Collected data:

━━━━━━━━━━━━━━━━━━━━━━━━━━━━━━

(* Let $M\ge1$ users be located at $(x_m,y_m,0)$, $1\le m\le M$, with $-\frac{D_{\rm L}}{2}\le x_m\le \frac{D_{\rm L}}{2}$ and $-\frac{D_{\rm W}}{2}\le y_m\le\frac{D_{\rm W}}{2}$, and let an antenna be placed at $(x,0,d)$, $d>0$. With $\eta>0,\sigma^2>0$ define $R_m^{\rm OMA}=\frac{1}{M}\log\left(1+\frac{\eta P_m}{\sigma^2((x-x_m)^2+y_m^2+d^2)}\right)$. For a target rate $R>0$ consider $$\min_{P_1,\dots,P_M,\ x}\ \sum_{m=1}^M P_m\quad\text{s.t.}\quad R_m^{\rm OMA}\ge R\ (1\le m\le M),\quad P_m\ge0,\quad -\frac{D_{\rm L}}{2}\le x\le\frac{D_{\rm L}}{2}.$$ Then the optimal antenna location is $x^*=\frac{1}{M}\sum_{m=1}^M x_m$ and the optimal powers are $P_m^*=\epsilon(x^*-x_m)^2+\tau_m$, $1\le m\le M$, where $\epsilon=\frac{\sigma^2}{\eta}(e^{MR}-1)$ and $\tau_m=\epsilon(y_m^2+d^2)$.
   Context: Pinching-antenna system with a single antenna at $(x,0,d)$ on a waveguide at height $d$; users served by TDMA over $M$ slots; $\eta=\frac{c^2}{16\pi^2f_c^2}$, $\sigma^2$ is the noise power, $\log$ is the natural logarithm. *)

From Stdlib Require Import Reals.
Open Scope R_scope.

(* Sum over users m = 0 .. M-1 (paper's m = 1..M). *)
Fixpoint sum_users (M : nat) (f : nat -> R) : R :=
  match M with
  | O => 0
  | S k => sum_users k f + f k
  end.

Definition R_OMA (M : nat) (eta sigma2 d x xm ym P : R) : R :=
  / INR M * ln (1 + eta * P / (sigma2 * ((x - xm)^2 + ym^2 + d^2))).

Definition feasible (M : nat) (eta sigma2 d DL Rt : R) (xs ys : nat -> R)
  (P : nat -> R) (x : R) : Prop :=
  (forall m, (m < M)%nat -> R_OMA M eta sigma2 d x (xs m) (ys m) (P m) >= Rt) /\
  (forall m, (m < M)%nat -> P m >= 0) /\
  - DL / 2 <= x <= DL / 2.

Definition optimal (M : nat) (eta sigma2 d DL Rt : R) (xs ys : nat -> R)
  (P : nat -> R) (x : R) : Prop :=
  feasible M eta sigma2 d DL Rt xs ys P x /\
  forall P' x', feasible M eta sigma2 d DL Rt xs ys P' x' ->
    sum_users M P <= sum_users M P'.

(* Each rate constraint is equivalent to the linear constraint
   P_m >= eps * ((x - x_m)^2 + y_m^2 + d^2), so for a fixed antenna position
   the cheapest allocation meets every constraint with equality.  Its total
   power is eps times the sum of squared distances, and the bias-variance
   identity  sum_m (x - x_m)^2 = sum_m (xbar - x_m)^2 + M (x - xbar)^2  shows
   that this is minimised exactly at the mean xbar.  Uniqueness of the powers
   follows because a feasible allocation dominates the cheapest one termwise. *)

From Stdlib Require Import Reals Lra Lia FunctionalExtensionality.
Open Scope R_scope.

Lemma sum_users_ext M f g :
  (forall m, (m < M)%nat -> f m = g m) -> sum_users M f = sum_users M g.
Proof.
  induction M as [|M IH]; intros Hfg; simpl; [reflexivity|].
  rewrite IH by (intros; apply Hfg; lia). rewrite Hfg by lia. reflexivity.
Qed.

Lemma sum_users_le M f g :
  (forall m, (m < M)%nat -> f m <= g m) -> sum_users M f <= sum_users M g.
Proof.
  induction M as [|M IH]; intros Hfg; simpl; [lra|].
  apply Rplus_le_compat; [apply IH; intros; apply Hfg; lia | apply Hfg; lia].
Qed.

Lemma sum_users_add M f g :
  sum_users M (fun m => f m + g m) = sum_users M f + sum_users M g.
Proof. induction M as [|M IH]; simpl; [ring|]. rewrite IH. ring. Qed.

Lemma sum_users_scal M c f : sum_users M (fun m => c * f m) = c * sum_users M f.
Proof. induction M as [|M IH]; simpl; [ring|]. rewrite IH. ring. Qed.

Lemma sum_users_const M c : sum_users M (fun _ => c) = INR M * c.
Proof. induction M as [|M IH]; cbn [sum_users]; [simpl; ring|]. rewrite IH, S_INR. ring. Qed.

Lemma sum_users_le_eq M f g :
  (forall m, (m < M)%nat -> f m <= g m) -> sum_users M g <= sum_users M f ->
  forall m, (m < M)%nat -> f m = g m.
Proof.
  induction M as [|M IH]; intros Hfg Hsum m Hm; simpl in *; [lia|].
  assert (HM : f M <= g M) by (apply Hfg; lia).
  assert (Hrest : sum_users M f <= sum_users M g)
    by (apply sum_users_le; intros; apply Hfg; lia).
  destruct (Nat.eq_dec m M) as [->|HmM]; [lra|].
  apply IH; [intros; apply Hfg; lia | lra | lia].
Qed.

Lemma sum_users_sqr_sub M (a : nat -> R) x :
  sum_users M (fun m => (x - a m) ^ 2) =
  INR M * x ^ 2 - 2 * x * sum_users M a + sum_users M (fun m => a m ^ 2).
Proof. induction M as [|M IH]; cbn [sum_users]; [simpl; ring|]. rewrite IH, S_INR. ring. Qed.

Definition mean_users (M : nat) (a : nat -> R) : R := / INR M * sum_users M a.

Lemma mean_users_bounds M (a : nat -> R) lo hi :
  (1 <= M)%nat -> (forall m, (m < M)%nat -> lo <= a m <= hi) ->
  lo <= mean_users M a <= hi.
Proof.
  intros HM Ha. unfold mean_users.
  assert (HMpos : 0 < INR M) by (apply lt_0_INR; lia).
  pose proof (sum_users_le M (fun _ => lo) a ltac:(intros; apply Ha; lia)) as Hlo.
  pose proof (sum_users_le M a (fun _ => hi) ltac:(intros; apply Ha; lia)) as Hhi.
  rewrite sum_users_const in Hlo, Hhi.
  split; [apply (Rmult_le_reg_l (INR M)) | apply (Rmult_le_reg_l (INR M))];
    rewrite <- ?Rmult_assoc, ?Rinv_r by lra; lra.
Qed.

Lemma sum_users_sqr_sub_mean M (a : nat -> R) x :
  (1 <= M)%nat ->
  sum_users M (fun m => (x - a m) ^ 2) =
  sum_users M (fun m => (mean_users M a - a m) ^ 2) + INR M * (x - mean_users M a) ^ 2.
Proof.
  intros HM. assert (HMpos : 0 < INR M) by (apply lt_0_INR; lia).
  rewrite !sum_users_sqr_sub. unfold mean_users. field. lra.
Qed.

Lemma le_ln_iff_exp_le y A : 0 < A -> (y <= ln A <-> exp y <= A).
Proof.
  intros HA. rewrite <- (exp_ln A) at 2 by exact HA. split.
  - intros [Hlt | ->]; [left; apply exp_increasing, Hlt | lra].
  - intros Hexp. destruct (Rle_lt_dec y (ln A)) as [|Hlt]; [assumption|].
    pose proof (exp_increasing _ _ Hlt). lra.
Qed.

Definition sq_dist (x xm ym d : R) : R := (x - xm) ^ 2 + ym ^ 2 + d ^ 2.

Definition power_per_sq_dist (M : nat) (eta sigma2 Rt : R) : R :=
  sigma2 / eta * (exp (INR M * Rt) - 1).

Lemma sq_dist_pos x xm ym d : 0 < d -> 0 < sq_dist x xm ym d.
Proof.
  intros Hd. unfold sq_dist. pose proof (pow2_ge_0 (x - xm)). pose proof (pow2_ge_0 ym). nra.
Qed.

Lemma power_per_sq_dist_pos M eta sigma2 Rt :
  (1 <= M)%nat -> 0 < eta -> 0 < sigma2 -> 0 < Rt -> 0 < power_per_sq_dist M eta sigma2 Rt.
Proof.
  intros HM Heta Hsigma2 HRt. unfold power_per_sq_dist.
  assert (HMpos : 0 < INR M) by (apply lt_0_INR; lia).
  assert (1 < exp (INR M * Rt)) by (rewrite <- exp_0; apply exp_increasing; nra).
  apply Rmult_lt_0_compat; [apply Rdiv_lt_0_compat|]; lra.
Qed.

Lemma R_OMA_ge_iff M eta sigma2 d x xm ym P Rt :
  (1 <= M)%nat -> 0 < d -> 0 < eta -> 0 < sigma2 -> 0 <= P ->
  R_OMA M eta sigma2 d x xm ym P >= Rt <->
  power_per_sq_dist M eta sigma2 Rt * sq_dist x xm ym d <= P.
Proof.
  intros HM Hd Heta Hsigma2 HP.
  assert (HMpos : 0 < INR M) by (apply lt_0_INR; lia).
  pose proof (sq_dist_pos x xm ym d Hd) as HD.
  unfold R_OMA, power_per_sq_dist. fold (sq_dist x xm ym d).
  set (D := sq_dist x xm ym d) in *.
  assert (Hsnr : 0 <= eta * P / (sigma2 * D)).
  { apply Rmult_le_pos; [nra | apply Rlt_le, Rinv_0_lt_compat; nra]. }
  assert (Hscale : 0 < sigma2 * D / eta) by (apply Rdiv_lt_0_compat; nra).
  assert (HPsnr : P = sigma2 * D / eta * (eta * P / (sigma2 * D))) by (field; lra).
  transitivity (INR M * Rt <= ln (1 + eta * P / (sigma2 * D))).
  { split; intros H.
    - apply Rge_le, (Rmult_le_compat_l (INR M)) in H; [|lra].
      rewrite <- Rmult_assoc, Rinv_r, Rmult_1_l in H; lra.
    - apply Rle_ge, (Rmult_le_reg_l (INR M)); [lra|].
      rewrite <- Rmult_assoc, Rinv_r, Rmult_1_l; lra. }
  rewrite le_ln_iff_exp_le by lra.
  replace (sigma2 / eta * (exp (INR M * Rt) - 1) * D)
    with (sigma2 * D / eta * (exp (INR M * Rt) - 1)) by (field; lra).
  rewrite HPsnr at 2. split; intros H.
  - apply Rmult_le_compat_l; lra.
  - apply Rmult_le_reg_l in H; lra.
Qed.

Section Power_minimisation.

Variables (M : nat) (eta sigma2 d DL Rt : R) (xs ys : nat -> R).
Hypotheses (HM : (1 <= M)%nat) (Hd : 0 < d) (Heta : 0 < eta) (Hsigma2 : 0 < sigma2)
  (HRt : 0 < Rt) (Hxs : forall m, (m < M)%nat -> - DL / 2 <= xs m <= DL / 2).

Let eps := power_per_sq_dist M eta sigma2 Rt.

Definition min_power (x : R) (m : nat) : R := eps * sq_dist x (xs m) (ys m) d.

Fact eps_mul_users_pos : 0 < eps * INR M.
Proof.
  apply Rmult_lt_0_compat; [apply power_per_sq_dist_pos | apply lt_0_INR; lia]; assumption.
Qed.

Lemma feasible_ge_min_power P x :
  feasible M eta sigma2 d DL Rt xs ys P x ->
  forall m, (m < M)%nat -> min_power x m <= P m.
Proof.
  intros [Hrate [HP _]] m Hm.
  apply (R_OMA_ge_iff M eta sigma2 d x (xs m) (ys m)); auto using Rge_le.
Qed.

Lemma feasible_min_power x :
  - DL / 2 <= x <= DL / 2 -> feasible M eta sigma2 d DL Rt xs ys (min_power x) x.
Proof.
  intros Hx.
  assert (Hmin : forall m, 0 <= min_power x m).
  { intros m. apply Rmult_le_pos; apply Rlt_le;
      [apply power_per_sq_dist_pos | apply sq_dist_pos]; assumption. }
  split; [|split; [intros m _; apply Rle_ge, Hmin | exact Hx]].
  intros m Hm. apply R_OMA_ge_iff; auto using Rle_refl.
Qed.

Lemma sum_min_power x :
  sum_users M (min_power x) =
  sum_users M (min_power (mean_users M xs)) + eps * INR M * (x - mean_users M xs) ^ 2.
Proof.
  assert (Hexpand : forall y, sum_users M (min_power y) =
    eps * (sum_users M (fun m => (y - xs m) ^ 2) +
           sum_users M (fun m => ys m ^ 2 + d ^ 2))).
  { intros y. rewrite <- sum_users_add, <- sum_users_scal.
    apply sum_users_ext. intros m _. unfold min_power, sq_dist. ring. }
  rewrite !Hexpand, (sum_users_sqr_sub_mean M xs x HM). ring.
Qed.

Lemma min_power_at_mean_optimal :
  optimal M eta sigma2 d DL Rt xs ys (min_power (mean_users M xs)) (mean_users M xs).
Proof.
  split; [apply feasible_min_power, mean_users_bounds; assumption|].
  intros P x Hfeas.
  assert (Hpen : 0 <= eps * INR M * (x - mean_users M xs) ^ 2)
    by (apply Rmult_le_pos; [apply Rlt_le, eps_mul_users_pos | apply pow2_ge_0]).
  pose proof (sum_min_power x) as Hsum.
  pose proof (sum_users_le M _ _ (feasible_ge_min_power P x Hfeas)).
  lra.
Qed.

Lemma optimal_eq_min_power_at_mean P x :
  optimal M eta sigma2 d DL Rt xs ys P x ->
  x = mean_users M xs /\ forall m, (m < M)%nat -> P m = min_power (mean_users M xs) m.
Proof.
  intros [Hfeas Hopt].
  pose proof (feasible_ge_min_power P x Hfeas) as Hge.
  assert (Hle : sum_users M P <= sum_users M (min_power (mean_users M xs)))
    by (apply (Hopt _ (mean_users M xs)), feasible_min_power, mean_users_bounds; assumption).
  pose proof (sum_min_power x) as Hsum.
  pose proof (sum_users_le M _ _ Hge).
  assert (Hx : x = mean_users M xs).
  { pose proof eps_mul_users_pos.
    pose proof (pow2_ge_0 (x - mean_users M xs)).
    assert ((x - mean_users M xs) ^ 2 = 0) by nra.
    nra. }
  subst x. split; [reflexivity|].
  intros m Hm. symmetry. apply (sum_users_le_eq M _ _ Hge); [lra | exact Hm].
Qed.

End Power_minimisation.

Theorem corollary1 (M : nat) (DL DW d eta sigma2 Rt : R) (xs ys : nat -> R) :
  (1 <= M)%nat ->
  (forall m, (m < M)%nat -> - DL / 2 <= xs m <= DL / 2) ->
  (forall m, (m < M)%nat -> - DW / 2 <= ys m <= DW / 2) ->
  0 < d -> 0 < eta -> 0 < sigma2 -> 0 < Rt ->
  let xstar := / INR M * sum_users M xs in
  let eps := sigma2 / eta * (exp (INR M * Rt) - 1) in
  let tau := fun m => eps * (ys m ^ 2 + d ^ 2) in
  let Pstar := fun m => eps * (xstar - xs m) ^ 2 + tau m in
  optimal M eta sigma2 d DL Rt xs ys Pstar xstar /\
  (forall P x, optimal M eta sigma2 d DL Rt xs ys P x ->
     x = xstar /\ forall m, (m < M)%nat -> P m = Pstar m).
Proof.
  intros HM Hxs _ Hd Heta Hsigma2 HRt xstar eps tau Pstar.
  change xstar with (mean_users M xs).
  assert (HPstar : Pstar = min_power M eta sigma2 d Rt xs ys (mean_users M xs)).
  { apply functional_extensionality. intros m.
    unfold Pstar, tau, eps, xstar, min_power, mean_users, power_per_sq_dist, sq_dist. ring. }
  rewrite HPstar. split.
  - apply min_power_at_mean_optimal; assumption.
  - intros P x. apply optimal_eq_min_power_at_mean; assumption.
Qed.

━━━━━━━━━━━━━━━━━━━━━━━━━━━━━━

What you have to do:
Gather up the lines containing the word "allocation" from these records and copy them.

Answer to this task:
   the cheapest allocation meets every constraint with equality.  Its total
   follows because a feasible allocation dominates the cheapest one termwise. *)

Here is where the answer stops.